▶ _DIRECTIONS FOR THIS TASK_
Please copy each line of the data that includes the string "DerivedRules".

▶ _DATA RECORDS_
(* The canonical model $\mathcal{M}_c=(W_c,\leq_c,R_c,V^+_c,V^-_c)$ is a Nelsonian conditional model: $W_c\neq\emptyset$, $\leq_c$ is a preorder, $R_c$ is well defined (independent of the representative formula), and $R_c$ satisfies conditions (c1) and (c2).
   Context: $\mathcal{L}_{\Box\!\!\rightarrow}$ is built from propositional variables with $\wedge,\vee,\to$, strong negation $\sim$, and a binary would-conditional $\Box\!\!\rightarrow$; $\phi\Diamond\!\!\rightarrow\psi$ abbreviates $\sim(\phi\Box\!\!\rightarrow\sim\psi)$. Abbreviations: $\leftrightarrow$ is mutual $\to$; $\phi\Rightarrow\psi:=(\phi\to\psi)\wedge(\sim\psi\to\sim\phi)$; $\phi\Leftrightarrow\psi:=(\phi\Rightarrow\psi)\wedge(\psi\Rightarrow\phi)$. $\mathbb{N}4\mathbb{CK}$: modus ponens; positive intuitionistic schemes; $\sim\sim\phi\leftrightarrow\phi$, $\sim(\phi\wedge\psi)\leftrightarrow(\sim\phi\vee\sim\psi)$, $\sim(\phi\vee\psi)\leftrightarrow(\sim\phi\wedge\sim\psi)$, $\sim(\phi\to\psi)\leftrightarrow(\phi\wedge\sim\psi)$; (A1) $((\phi\Box\!\!\rightarrow\psi)\wedge(\phi\Box\!\!\rightarrow\chi))\Leftrightarrow(\phi\Box\!\!\rightarrow(\psi\wedge\chi))$; (A2) $(\sim(\phi\Box\!\!\rightarrow\psi)\wedge(\phi\Box\!\!\rightarrow\chi))\to\sim(\phi\Box\!\!\rightarrow(\psi\vee\sim\chi))$; (A3) $((\phi\Diamond\!\!\rightarrow\psi)\to(\phi\Box\!\!\rightarrow\chi))\to(\phi\Box\!\!\rightarrow(\psi\to\chi))$; (A4) $\phi\Box\!\!\rightarrow(\psi\to\psi)$; rules: from $\phi\Leftrightarrow\psi$ infer $(\phi\Box\!\!\rightarrow\chi)\Leftrightarrow(\psi\Box\!\!\rightarrow\chi)$; from $\phi\leftrightarrow\psi$ infer $(\chi\Box\!\!\rightarrow\phi)\leftrightarrow(\chi\Box\!\!\rightarrow\psi)$; from $\sim\phi\leftrightarrow\sim\psi$ infer $\sim(\chi\Box\!\!\rightarrow\phi)\leftrightarrow\sim(\chi\Box\!\!\rightarrow\psi)$. $\Gamma\vdash\Delta$ means some nonempty finite disjunction of members of $\Delta$ is derivable from $\Gamma$ and theorems by modus ponens. A bi-set $(\Gamma,\Delta)$ is maximal iff $\Gamma\not\vdash\Delta$ and $\Gamma\cup\Delta=\mathcal{L}_{\Box\!\!\rightarrow}$. Canonical model: $W_c$ is the set of maximal bi-sets; $(\Gamma_0,\Delta_0)\leq_c(\Gamma_1,\Delta_1)$ iff $\Gamma_0\subseteq\Gamma_1$; $((\Gamma_0,\Delta_0),(X,Y),(\Gamma_1,\Delta_1))\in R_c$ iff there is $\phi$ with $X=\{(\Gamma,\Delta)\in W_c\mid\phi\in\Gamma\}$, $Y=\{(\Gamma,\Delta)\in W_c\mid\sim\phi\in\Gamma\}$, $\{\psi\mid\phi\Box\!\!\rightarrow\psi\in\Gamma_0\}\subseteq\Gamma_1$, and $\{\sim(\phi\Box\!\!\rightarrow\psi)\mid\sim\psi\in\Gamma_1\}\subseteq\Gamma_0$; $V^+_c(p)=\{(\Gamma,\Delta)\in W_c\mid p\in\Gamma\}$, $V^-_c(p)=\{(\Gamma,\Delta)\in W_c\mid\sim p\in\Gamma\}$. A Nelsonian conditional model is $(W,\leq,R,V^+,V^-)$ with $W\neq\emptyset$, $\leq$ a preorder, $V^\pm$ assigning upward-closed sets, $R\subseteq W\times(\mathcal{P}(W)\times\mathcal{P}(W))\times W$ satisfying for all $X,Y$: (c1) $w\leq w'$ and $R_{(X,Y)}(w,v)$ imply $R_{(X,Y)}(w',v')$ for some $v'\geq v$; (c2) $R_{(X,Y)}(w,v)$ and $v\leq v'$ imply $R_{(X,Y)}(w',v')$ for some $w'\geq w$. *)

From Stdlib Require Import List RelationClasses.
Import ListNotations.

Inductive form : Type :=
| Var  : nat -> form
| And  : form -> form -> form
| Or   : form -> form -> form
| Imp  : form -> form -> form
| Neg  : form -> form            (* strong negation ~ *)
| Cond : form -> form -> form.

Definition Might (a b : form) : form := Neg (Cond a (Neg b)).
Definition Iff (a b : form) : form := And (Imp a b) (Imp b a).
Definition SImp (a b : form) : form := And (Imp a b) (Imp (Neg b) (Neg a)).
Definition SIff (a b : form) : form := And (SImp a b) (SImp b a).

Inductive thm : form -> Prop :=
| ax_K  : forall a b, thm (Imp a (Imp b a))
| ax_S  : forall a b c, thm (Imp (Imp a (Imp b c)) (Imp (Imp a b) (Imp a c)))
| ax_AndE1 : forall a b, thm (Imp (And a b) a)
| ax_AndE2 : forall a b, thm (Imp (And a b) b)
| ax_AndI  : forall a b, thm (Imp a (Imp b (And a b)))
| ax_OrI1  : forall a b, thm (Imp a (Or a b))
| ax_OrI2  : forall a b, thm (Imp b (Or a b))
| ax_OrE   : forall a b c, thm (Imp (Imp a c) (Imp (Imp b c) (Imp (Or a b) c)))
| ax_NN   : forall a, thm (Iff (Neg (Neg a)) a)
| ax_NAnd : forall a b, thm (Iff (Neg (And a b)) (Or (Neg a) (Neg b)))
| ax_NOr  : forall a b, thm (Iff (Neg (Or a b)) (And (Neg a) (Neg b)))
| ax_NImp : forall a b, thm (Iff (Neg (Imp a b)) (And a (Neg b)))
| ax_A1 : forall a b c,
    thm (SIff (And (Cond a b) (Cond a c)) (Cond a (And b c)))
| ax_A2 : forall a b c,
    thm (Imp (And (Neg (Cond a b)) (Cond a c)) (Neg (Cond a (Or b (Neg c)))))
| ax_A3 : forall a b c,
    thm (Imp (Imp (Might a b) (Cond a c)) (Cond a (Imp b c)))
| ax_A4 : forall a b, thm (Cond a (Imp b b))
| r_MP : forall a b, thm (Imp a b) -> thm a -> thm b
| r_RA : forall a b c, thm (SIff a b) -> thm (SIff (Cond a c) (Cond b c))
| r_RC : forall a b c, thm (Iff a b) -> thm (Iff (Cond c a) (Cond c b))
| r_RCN : forall a b c, thm (Iff (Neg a) (Neg b)) ->
    thm (Iff (Neg (Cond c a)) (Neg (Cond c b))).

Inductive deriv (Gam : form -> Prop) : form -> Prop :=
| d_hyp : forall a, Gam a -> deriv Gam a
| d_thm : forall a, thm a -> deriv Gam a
| d_MP  : forall a b, deriv Gam (Imp a b) -> deriv Gam a -> deriv Gam b.

Fixpoint bigOr (a : form) (l : list form) : form :=
  match l with
  | [] => a
  | b :: l' => Or a (bigOr b l')
  end.

Definition bderiv (Gam Del : form -> Prop) : Prop :=
  exists a l, Del a /\ Forall Del l /\ deriv Gam (bigOr a l).

Definition maximal (Gam Del : form -> Prop) : Prop :=
  ~ bderiv Gam Del /\ (forall a, Gam a \/ Del a).

Record mbs : Type := MBS {
  mG : form -> Prop;
  mD : form -> Prop;
  mmax : maximal mG mD }.

Definition Wc : Type := mbs.

Definition lec (w v : Wc) : Prop := forall a, mG w a -> mG v a.

Definition Rcond (phi : form) (w v : Wc) : Prop :=
  (forall psi, mG w (Cond phi psi) -> mG v psi) /\
  (forall psi, mG v (Neg psi) -> mG w (Neg (Cond phi psi))).

Definition Rc (w : Wc) (XY : (Wc -> Prop) * (Wc -> Prop)) (v : Wc) : Prop :=
  exists phi,
    fst XY = (fun u : Wc => mG u phi) /\
    snd XY = (fun u : Wc => mG u (Neg phi)) /\
    Rcond phi w v.

Definition Vpc (p : nat) (w : Wc) : Prop := mG w (Var p).
Definition Vmc (p : nat) (w : Wc) : Prop := mG w (Neg (Var p)).

Definition Rc_well_defined : Prop :=
  forall phi phi' : form,
    (fun u : Wc => mG u phi) = (fun u : Wc => mG u phi') ->
    (fun u : Wc => mG u (Neg phi)) = (fun u : Wc => mG u (Neg phi')) ->
    forall w v : Wc, Rcond phi w v <-> Rcond phi' w v.

Definition upward_closed {W : Type} (le : W -> W -> Prop) (A : W -> Prop) : Prop :=
  forall w w', le w w' -> A w -> A w'.

Definition nelsonian_model (W : Type) (le : W -> W -> Prop)
  (R : W -> (W -> Prop) * (W -> Prop) -> W -> Prop)
  (Vp Vm : nat -> W -> Prop) : Prop :=
  inhabited W /\
  PreOrder le /\
  (forall p, upward_closed le (Vp p)) /\
  (forall p, upward_closed le (Vm p)) /\
  (* (c1) *)
  (forall XY w w' v, le w w' -> R w XY v -> exists v', le v v' /\ R w' XY v') /\
  (* (c2) *)
  (forall XY w v v', R w XY v -> le v v' -> exists w', le w w' /\ R w' XY v').

From Stdlib Require Import List RelationClasses Classical Lia Cantor.
Import ListNotations.

(** Everything rests on the Lindenbaum lemma: enumerating all formulas and putting each
    on the left unless that makes the bi-set derive its right side (the cut rule then
    guarantees the right side is safe), every bi-set with Γ ⊬ Δ extends to a maximal one.
    Hence an implication holding in all maximal bi-sets is a theorem, so two formulas with
    the same positive and negative extensions are strongly equivalent, and rule RA makes
    R_c independent of the representative φ.
    For (c1) one extends (v ∪ {ψ | φ□→ψ ∈ w'}, {∼ψ | ∼(φ□→ψ) ∉ w'}) and for (c2)
    (w ∪ {∼(φ□→ψ) | ∼ψ ∈ v'}, {φ□→ψ | ψ ∉ v'}). In both, the right side is closed under
    provable upper bounds (via A1 and primeness), so an inconsistency yields a single
    derivation; by compactness the extra hypotheses become antecedents, which A2 (for c1)
    and A3 (for c2) move inside the conditional, contradicting R_c(w, v). *)

Definition extend (G : form -> Prop) (a : form) : form -> Prop := fun x => G x \/ x = a.
Definition no_hyp : form -> Prop := fun _ => False.

Lemma deriv_mono G G' a : (forall x, G x -> G' x) -> deriv G a -> deriv G' a.
Proof. intros HG D; induction D; [apply d_hyp, HG | apply d_thm | eapply d_MP]; eauto. Qed.

Lemma thm_imp_refl a : thm (Imp a a).
Proof. exact (r_MP _ _ (r_MP _ _ (ax_S a (Imp a a) a) (ax_K a (Imp a a))) (ax_K a a)). Qed.

Lemma deduction G a b : deriv (extend G a) b -> deriv G (Imp a b).
Proof.
  induction 1 as [x [Hx | ->] | x Hx | x y _ IH1 _ IH2].
  - eapply d_MP; [apply d_thm, ax_K | apply d_hyp, Hx].
  - apply d_thm, thm_imp_refl.
  - eapply d_MP; [apply d_thm, ax_K | apply d_thm, Hx].
  - eapply d_MP; [eapply d_MP; [apply d_thm, ax_S | exact IH1] | exact IH2].
Qed.

Lemma thm_of_deriv a : deriv no_hyp a -> thm a.
Proof. induction 1; [contradiction | assumption | eapply r_MP; eassumption]. Qed.

Lemma thm_imp_of_deriv a b : deriv (extend no_hyp a) b -> thm (Imp a b).
Proof. intro D; apply thm_of_deriv, deduction, D. Qed.

Section DerivedRules.

Variable G : form -> Prop.

Lemma deriv_added a : deriv (extend G a) a.
Proof. apply d_hyp; right; reflexivity. Qed.

Lemma deriv_weaken a b : deriv G b -> deriv (extend G a) b.
Proof. apply deriv_mono; intros x Hx; left; exact Hx. Qed.

Lemma deriv_thm_mp a b : thm (Imp a b) -> deriv G a -> deriv G b.
Proof. intros H; apply d_MP, d_thm, H. Qed.

Lemma deriv_andI a b : deriv G a -> deriv G b -> deriv G (And a b).
Proof. intros Ha Hb; eapply d_MP; [eapply deriv_thm_mp; [apply ax_AndI | exact Ha] | exact Hb]. Qed.

Lemma deriv_andE1 a b : deriv G (And a b) -> deriv G a.
Proof. apply deriv_thm_mp, ax_AndE1. Qed.

Lemma deriv_andE2 a b : deriv G (And a b) -> deriv G b.
Proof. apply deriv_thm_mp, ax_AndE2. Qed.

Lemma deriv_orI1 a b : deriv G a -> deriv G (Or a b).
Proof. apply deriv_thm_mp, ax_OrI1. Qed.

Lemma deriv_orI2 a b : deriv G b -> deriv G (Or a b).
Proof. apply deriv_thm_mp, ax_OrI2. Qed.

Lemma deriv_orE a b c :
  deriv G (Or a b) -> deriv (extend G a) c -> deriv (extend G b) c -> deriv G c.
Proof.
  intros H Ha Hb; eapply d_MP; [|exact H].
  eapply d_MP; [eapply deriv_thm_mp; [apply ax_OrE | apply deduction, Ha] | apply deduction, Hb].
Qed.

Lemma deriv_iffl a b : thm (Iff a b) -> deriv G a -> deriv G b.
Proof. intros H; apply d_MP, deriv_andE1 with (Imp b a), d_thm, H. Qed.

Lemma deriv_iffr a b : thm (Iff a b) -> deriv G b -> deriv G a.
Proof. intros H; apply d_MP, deriv_andE2 with (Imp a b), d_thm, H. Qed.

Lemma deriv_nnE a : deriv G (Neg (Neg a)) -> deriv G a.
Proof. apply deriv_iffl, ax_NN. Qed.

Lemma deriv_nnI a : deriv G a -> deriv G (Neg (Neg a)).
Proof. apply deriv_iffr, ax_NN. Qed.

Lemma deriv_nandE a b : deriv G (Neg (And a b)) -> deriv G (Or (Neg a) (Neg b)).
Proof. apply deriv_iffl, ax_NAnd. Qed.

Lemma deriv_nandI a b : deriv G (Or (Neg a) (Neg b)) -> deriv G (Neg (And a b)).
Proof. apply deriv_iffr, ax_NAnd. Qed.

Lemma deriv_norE a b : deriv G (Neg (Or a b)) -> deriv G (And (Neg a) (Neg b)).
Proof. apply deriv_iffl, ax_NOr. Qed.

End DerivedRules.

Lemma thm_and a b : thm a -> thm b -> thm (And a b).
Proof. intros Ha Hb; apply thm_of_deriv, deriv_andI; apply d_thm; assumption. Qed.

Lemma thm_imp_trans a b c : thm (Imp a b) -> thm (Imp b c) -> thm (Imp a c).
Proof.
  intros Hab Hbc; apply thm_imp_of_deriv.
  eapply deriv_thm_mp; [exact Hbc | eapply deriv_thm_mp; [exact Hab | apply deriv_added]].
Qed.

▶ _RESPONSE FOR THIS EXERCISE_
Section DerivedRules.
End DerivedRules.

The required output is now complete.